Natural menopause is the cessation of menstruation resulting from the loss of ovarian follicular activity and is diagnosed after 12 months of absence of a menstrual period (amenorrhœa). Premature or early menopause occurs before the age of 40 (source - World Health Organisation). It can be both physiological and induced and may contribute to a higher risk of osteoporosis, neurodegenerative diseases and cardiovascular problems. The International Menopause Society guidelines recommend HRT as the best preventive treatment (whether with estrogens alone, for women who have undergone hysterectomy, or combined estrogen and progesterone, or progestins to protect the endometrium in patients with a uterus).
Induced menopause can be determined by surgical removal of both ovaries (with or without hysterectomy) or by the suppression of ovarian function as a side effect of cancer treaments, such as chemotherapy, radiation, tamoxifen (source - World Health Organisation). Around 60% of women who undergo treatment for breast cancer can develop vaginal atrophy.

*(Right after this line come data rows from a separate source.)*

Lemma RInt_std_normal_pdf_Phi (a b : R) : RInt std_normal_pdf a b = Phi b - Phi a.
Proof. rewrite RInt_std_normal_pdf, !Phi_eq_Phi0; lra. Qed.

Lemma Phi_opp (x : R) : Phi (- x) = 1 - Phi x.
Proof. rewrite !Phi_eq_Phi0, Phi0_opp; lra. Qed.

Lemma Phi_0 : Phi 0 = 1 / 2.
Proof. pose proof (Phi_opp 0) as H; rewrite Ropp_0 in H; lra. Qed.

Lemma Phi_upper_tail (x : R) : 0 <= x -> 1 - Phi x <= gauss x.
Proof. intros Hx; rewrite Phi_eq_Phi0; pose proof (Phi0_upper_tail x Hx); lra. Qed.

Lemma Phi_lt (x y : R) : x < y -> Phi x < Phi y.
Proof.
  intros Hxy; cut (0 < RInt std_normal_pdf x y); [rewrite RInt_std_normal_pdf_Phi; lra |].
  apply RInt_gt_0; auto; intros; [apply std_normal_pdf_pos | apply std_normal_pdf_continuous].
Qed.

Lemma Phi_le (x y : R) : x <= y -> Phi x <= Phi y.
Proof. intros [H | ->]; [left; now apply Phi_lt | lra]. Qed.

Lemma Phi_lt_1 (x : R) : Phi x < 1.
Proof.
  apply Rlt_le_trans with (Phi (Rmax x 0 + 1)); [apply Phi_lt; pose proof (Rmax_l x 0); lra |].
  rewrite Phi_eq_Phi0; pose proof (Phi0_upper_tail (Rmax x 0 + 1)).
  pose proof (Rmax_r x 0); lra.
Qed.

Lemma Phi_pos (x : R) : 0 < Phi x.
Proof. rewrite <- (Ropp_involutive x), Phi_opp; pose proof (Phi_lt_1 (- x)); lra. Qed.

Lemma Phi_lt_eventually_m_infty (eps : R) :
  0 < eps -> exists M, forall y, y <= M -> Phi y < eps.
Proof.
  intros Heps; destruct (gauss_lt_eventually eps Heps) as [M [HM0 HM]].
  exists (- M); intros y Hy; rewrite <- (Ropp_involutive y), Phi_opp.
  pose proof (Phi_upper_tail (- y) ltac:(lra)); pose proof (HM (- y) ltac:(lra)); lra.
Qed.

Lemma Phi_shift_increment_le (b d y : R) : 0 <= b <= y -> 0 <= d ->
  Phi (y + d) - Phi (b + d) <= gauss d * (Phi y - Phi b).
Proof.
  intros Hby Hd; rewrite <- !RInt_std_normal_pdf_Phi.
  pose proof (RInt_comp_lin_R std_normal_pdf 1 d b y) as E.
  replace (1 * b + d) with (b + d) in E by ring; replace (1 * y + d) with (y + d) in E by ring.
  rewrite <- E by apply ex_RInt_std_normal_pdf.
  rewrite <- RInt_scal_R by apply ex_RInt_std_normal_pdf.
  apply RInt_le; [lra | | |].
  - apply ex_RInt_continuous_R; intros t.
    apply (ex_derive_continuous (V := R_NormedModule)); unfold std_normal_pdf.
    auto_derive; pose proof sqrt_2PI_pos; lra.
  - apply ex_RInt_continuous_R; intros t; apply (continuous_mult (K := R_AbsRing)).
    + apply continuous_const.
    + apply std_normal_pdf_continuous.
  - intros s Hs; rewrite !Rmult_1_l, !std_normal_pdf_gauss; unfold Rdiv.
    rewrite <- Rmult_assoc; apply Rmult_le_compat_r.
    + apply Rlt_le, Rinv_0_lt_compat, sqrt_2PI_pos.
    + apply gauss_add_le; lra.
Qed.

Lemma Phi_upper_tail_shift_le (b d : R) : 0 <= b -> 0 <= d ->
  1 - Phi (b + d) <= gauss d * (1 - Phi b).
Proof.
  intros Hb Hd; apply Rle_plus_epsilon; intros eps Heps.
  destruct (gauss_lt_eventually eps Heps) as [M [HM0 HM]].
  pose proof (Rmax_l M b); pose proof (Rmax_r M b); set (y := Rmax M b) in *.
  pose proof (Phi_shift_increment_le b d y ltac:(lra) Hd).
  pose proof (Phi_upper_tail (y + d) ltac:(lra)); pose proof (HM (y + d) ltac:(lra)).
  pose proof (Phi_lt_1 y); pose proof (gauss_pos d).
  assert (gauss d * (Phi y - Phi b) <= gauss d * (1 - Phi b)) by (apply Rmult_le_compat_l; lra).
  lra.
Qed.

Lemma F_eq_Phi (a theta c p : R) : F a theta c = p ->
  Phi (a - theta) = p + (1 - p) * Phi (c - theta).
Proof.
  unfold F; intros <-; pose proof (Phi_lt_1 (c - theta)); field; lra.
Qed.

Section TruncatedQuantile.

Variables (p q a b : R).
Hypothesis hp : 0 < p < 1.
Hypothesis hq : Phi q = p.
Hypothesis hab : Phi a = p + (1 - p) * Phi b.

Lemma truncated_solution_gt_quantile : q < a.
Proof.
  destruct (Rlt_or_le q a) as [H | H]; [exact H | exfalso].
  pose proof (Phi_le a q H); pose proof (Phi_pos b); nra.
Qed.

Lemma truncation_point_neg : 0 <= a - b -> gauss (a - b) < 1 - p -> b < 0.
Proof.
  intros Hd Hg; destruct (Rlt_or_le b 0) as [H | H]; [exact H | exfalso].
  pose proof (Phi_upper_tail_shift_le b (a - b) H Hd) as T.
  replace (b + (a - b)) with a in T by ring.
  pose proof (Phi_lt_1 b).
  assert (gauss (a - b) * (1 - Phi b) < (1 - p) * (1 - Phi b)) by (apply Rmult_lt_compat_r; lra).
  nra.
Qed.

Lemma gauss_truncated_solution_gt : b < 0 -> 0 <= a -> (1 - p) / 2 < gauss a.
Proof.
  intros Hb Ha; pose proof (Phi_upper_tail a Ha).
  pose proof (Phi_lt b 0 Hb); rewrite Phi_0 in *; nra.
Qed.
(* Let $n\ge3$, $\tau>0$, $\varepsilon\neq0$, and $\kappa\in so(n)$ fixed. Consider the generalized Demchenko case without twisting: curves $(\omega(t),\gamma(t))\in so(n)\times S^{n-1}$ with $\omega\in\mathbb R^n\wedge\gamma$ satisfying $$\tau\dot\omega=[\kappa,\omega]+\lambda_0,\qquad \dot\gamma=-\varepsilon\omega\gamma,$$ where $\lambda_0(t)\in so(n)$ is orthogonal to $\mathbb R^n\wedge\gamma$ (and is determined by the condition $\omega\in\mathbb R^n\wedge\gamma$). These equations reduce to the system on $T^*S^{n-1}=\{(\gamma,p):\langle\gamma,\gamma\rangle=1,\langle\gamma,p\rangle=0\}$ $$\dot\gamma=\frac{\varepsilon^2}\tau p,\qquad \dot p=\frac1\tau\kappa p+\mu\gamma,\qquad \mu=\frac1\tau\langle p,\kappa\gamma\rangle-\frac{\varepsilon^2}\tau\langle p,p\rangle,$$ which is the magnetic geodesic flow with Hamiltonian $h=\frac{\varepsilon^2}{2\tau}\langle p,p\rangle$ with respect to the Poisson bracket $$\{F,G\}_d=\{F,G\}^\kappa-\frac{\{F,\phi_1\}^\kappa\{G,\phi_2\}^\kappa-\{F,\phi_2\}^\kappa\{G,\phi_1\}^\kappa}{\{\phi_1,\phi_2\}^\kappa},$$ restricted to $T^*S^{n-1}$, where $\phi_1=\langle\gamma,\gamma\rangle$, $\phi_2=\langle\gamma,p\rangle$ and $\{F,G\}^\kappa=\sum_i\big(\frac{\partial F}{\partial\gamma_i}\frac{\partial G}{\partial p_i}-\frac{\partial F}{\partial p_i}\frac{\partial G}{\partial\gamma_i}\big)+\frac1{\varepsilon^2}\sum_{i,j}\kappa_{ij}\frac{\partial F}{\partial p_i}\frac{\partial G}{\partial p_j}$.
   Context: Physically: a balanced $n$-dimensional ball with gyroscope rolls without slipping and twisting over a fixed sphere, with $\varepsilon=b/(b\pm a)$ ($a,b$ the radii), and the modified inertia operator is $\mathbf I=\tau\,\mathrm{Id}_{so(n)}$. On $so(n)$, $\langle X,Y\rangle=-\frac12\operatorname{tr}(XY)$; on $\mathbb R^n$ the Euclidean product; $x\wedge y=xy^T-yx^T$; $\mathbb R^n\wedge\gamma=\{x\wedge\gamma:x\in\mathbb R^n\}$; $\kappa_{ij}$ are the entries of $\kappa$. ''Reduce'' means: for a solution, $p=\frac\tau{\varepsilon^2}\dot\gamma$ and $(\gamma,p)$ solves the stated system. *)

From HB Require Import structures.
From mathcomp Require Import all_boot all_order all_algebra.
From mathcomp Require Import all_classical all_reals all_analysis.
Set Implicit Arguments. Unset Strict Implicit. Unset Printing Implicit Defensive.
Import Order.TTheory GRing.Theory Num.Theory.
Import numFieldNormedType.Exports.
Local Open Scope ring_scope.

Section Defs.
Variables (R : realType) (n : nat).

Definition so (A : 'M[R]_n) : Prop := A^T = - A.

Definition ip (x y : 'cV[R]_n) : R := (x^T *m y) 0 0.

Definition ipso (X Y : 'M[R]_n) : R := - (2%:R)^-1 * \tr (X *m Y).

Definition wedge (x y : 'cV[R]_n) : 'M[R]_n := x *m y^T - y *m x^T.

Definition comm (A B : 'M[R]_n) : 'M[R]_n := A *m B - B *m A.

Definition evec (i : 'I_n) : 'cV[R]_n := delta_mx i 0.

Definition mx_deriv m k (f : R -> 'M[R]_(m, k)) (t : R) (df : 'M[R]_(m, k)) : Prop :=
  forall i j, is_derive t (1 : R) (fun s => f s i j) (df i j).

Definition dgam (F : 'cV[R]_n -> 'cV[R]_n -> R) (i : 'I_n) g p : R :=
  derive1 (fun s : R => F (g + s *: evec i) p) 0.
Definition dp (F : 'cV[R]_n -> 'cV[R]_n -> R) (i : 'I_n) g p : R :=
  derive1 (fun s : R => F g (p + s *: evec i)) 0.

Definition kbracket (eps : R) (kappa : 'M[R]_n) (F G : 'cV[R]_n -> 'cV[R]_n -> R)
  (g p : 'cV[R]_n) : R :=
  \sum_i (dgam F i g p * dp G i g p - dp F i g p * dgam G i g p)
  + (eps ^+ 2)^-1 * \sum_i \sum_j kappa i j * dp F i g p * dp G j g p.

Definition phi1 (g p : 'cV[R]_n) : R := ip g g.
Definition phi2 (g p : 'cV[R]_n) : R := ip g p.

Definition dbracket (eps : R) (kappa : 'M[R]_n) (F G : 'cV[R]_n -> 'cV[R]_n -> R)
  (g p : 'cV[R]_n) : R :=
  kbracket eps kappa F G g p
  - (kbracket eps kappa F phi1 g p * kbracket eps kappa G phi2 g p
     - kbracket eps kappa F phi2 g p * kbracket eps kappa G phi1 g p)
    / kbracket eps kappa phi1 phi2 g p.

Definition ham (eps tau : R) (g p : 'cV[R]_n) : R := eps ^+ 2 / (2%:R * tau) * ip p p.

Definition gcoord (i : 'I_n) (g p : 'cV[R]_n) : R := g i 0.
Definition pcoord (i : 'I_n) (g p : 'cV[R]_n) : R := p i 0.

End Defs.

From HB Require Import structures.
From mathcomp Require Import all_boot all_order all_algebra.
From mathcomp Require Import all_classical all_reals all_analysis.
From mathcomp Require Import ring.
Import Order.TTheory GRing.Theory Num.Theory.
Import numFieldNormedType.Exports.
Local Open Scope ring_scope.
Local Open Scope classical_set_scope.
Set Implicit Arguments. Unset Strict Implicit.

(* Write omega = x /\ gamma. Being skew and orthogonal to R^n /\ gamma, lambda0
   kills gamma, and p = -(tau/eps) omega gamma = -(tau/eps) (x - <x,gamma> gamma)
   is tangent to the sphere. Differentiating p with the equation of motion, every
   product with omega reduces to a combination of x and gamma, which yields
   p' = kappa p / tau + mu gamma. On the other side, the gradients of the
   coordinate functions, of h and of the constraints phi1, phi2 are explicit, so
   all brackets {.,.}^kappa are inner products; on T*S^{n-1} one has
   {phi1,phi2}^kappa = 2 and {h,phi1}^kappa = 0, and the Dirac correction of
   {p_i,h}^kappa is exactly the multiplier term mu gamma_i. *)

Lemma derive1_quadratic (R : realType) (f : R -> R) (a b c : R) :
  (forall s, f s = a + s * b + s ^+ 2 * c) -> derive1 f 0 = b.
Proof.
move=> fE.
have -> : f = cst a + b \*: (@id R) + c \*: (@id R) ^+ 2.
  by apply/funext => s; rewrite fE /= !fctE /= /GRing.scale /=; ring.
have d_id := is_derive_id (0 : R) (1 : R).
have df := is_deriveD (is_deriveD (is_derive_cst a (0 : R) (1 : R))
  (is_deriveZ b d_id)) (is_deriveZ c (is_deriveX 2 d_id)).
rewrite derive1E (derive_val (is_derive := df)).
by rewrite /GRing.scale /=; ring.
Qed.
Lemma shift_weight_neq0 a b c l : 0 <= l <= 1 -> shift_weight a b c l != 0 ->
  (a /\ (b -> l < 1)) \/ [/\ b, c & 0 < l].
Proof.
rewrite /shift_weight => /andP[l_ge0 l_le1].
case: a; case: b; case: c; rewrite /= ?mul1r ?mul0r ?add0r ?addr0 ?subr0 ?eqxx //;
  try by left.
- by move=> _; case: (ltrP l 1) => [lt1|ge1]; [left | right; split=> //; lra].
- move=> nz; left; split=> // _; rewrite lt_neqAle l_le1 andbT.
  by apply: contra_neq nz => ->; exact: subrr.
- by move=> nz; right; split=> //; rewrite lt_def nz.
Qed.

Definition kernel t v w : R :=
  (1 - ramp n t) * shift_weight (v == w) (top n \in w) (v == w :\ top n) (ramp #|w| t).

Definition homotopy x t v : R :=
  \sum_w kernel t v w * x w + ramp n t * (v == apex n)%:R.

Lemma kernel_itv t v w : 0 <= kernel t v w <= 1.
Proof.
have /andP[? ?] := ramp_itv n t.
have /andP[? ?] := shift_weight_itv (v == w) (top n \in w) (v == w :\ top n) (ramp_itv #|w| t).
by rewrite /kernel; apply/andP; split; nra.
Qed.

Lemma kernel_lipschitz s t v w :
  `|kernel s v w - kernel t v w| <= 2 * n.+1%:R * `|s - t|.
Proof.
have co_itv r : 0 <= 1 - ramp n r <= 1.
  by have /andP[? ?] := ramp_itv n r; apply/andP; split; lra.
have sw_itv r : 0 <= shift_weight (v == w) (top n \in w) (v == w :\ top n) (ramp #|w| r) <= 1.
  exact/shift_weight_itv/ramp_itv.
apply: le_trans (norm_mulB_le (co_itv s) (sw_itv s) (co_itv t) (sw_itv t)) _.
have -> : 1 - ramp n s - (1 - ramp n t) = - (ramp n s - ramp n t) by ring.
rewrite normrN; have := ramp_lipschitz n s t.
have := shift_weight_lipschitz (v == w) (top n \in w) (v == w :\ top n) (ramp #|w| s) (ramp #|w| t).
have := ramp_lipschitz #|w| s t; lra.
Qed.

Premenopause is the period preceding menopause up to the first year after the last mentrual period (source - World Health Organisation). Postmenopause is the period that follows the last menstrual period, regardless of the type of menopause (source - World Health Organisation). To this list established and approved by the WHO in 1990, the International Menopause Society (IMS) has added, in 1999, the definition of climacteric, as a transition from the reproductive phase to the nonreproductive state.
HRT (Hormone Replacement Therapy) is the prescription of estrogens alone (for hysterectomised women) or combined estrogen and progesterone for postmenopausal patients to fight the symptoms related to urogenital atrophy and, more importantly, the negative effects of sudden estrogen deficiency on the cardiovascular, skeletal and autonomic nervous systems.
Specifically, the estrogen alone therapy is called Estrogen Replacement Therapy (ERT). 10–25% of women using systemic hormonal therapy continue to suffer from symptoms related to urogenital atrophy. This, in addition to possible concerns over the long term effect of taking hormones, is why systemic therapy is seldom prescribed to women who suffer only from vaginal symptoms.
Topical therapy is a commonly prescribed treatment for vaginal atrophy which requires the patient to apply a cream containing hormones directly into the vagina. Estrogens are absorbed by the vaginal walls and enter into the circulation, except in the event of preparations designed to prevent their absorption. Potential adverse effects include breast, perineal pain and uterine bleeding (which should be reported immediately to your doctor). The treatment is contraindicated in some cases, such as in presence of vaginal/uterine bleeding of unknown nature or in women with endometrial cancer.
In the event that estrogen preparations are either not indicated or not effective – vaginal lubricants and moisturising preparations, applied locally and consistently, can attenuate symptoms related to vaginal dryness. It is a mixture of soluble aqueous-based protective and restorative agents and nonhormonal substances, which have a beneficial effect on the vaginal epitelium. Nonhormonal therapies are especially indicated in women against hormonal therapies or in subjects at risk due to previous cancers sensitive to hormones.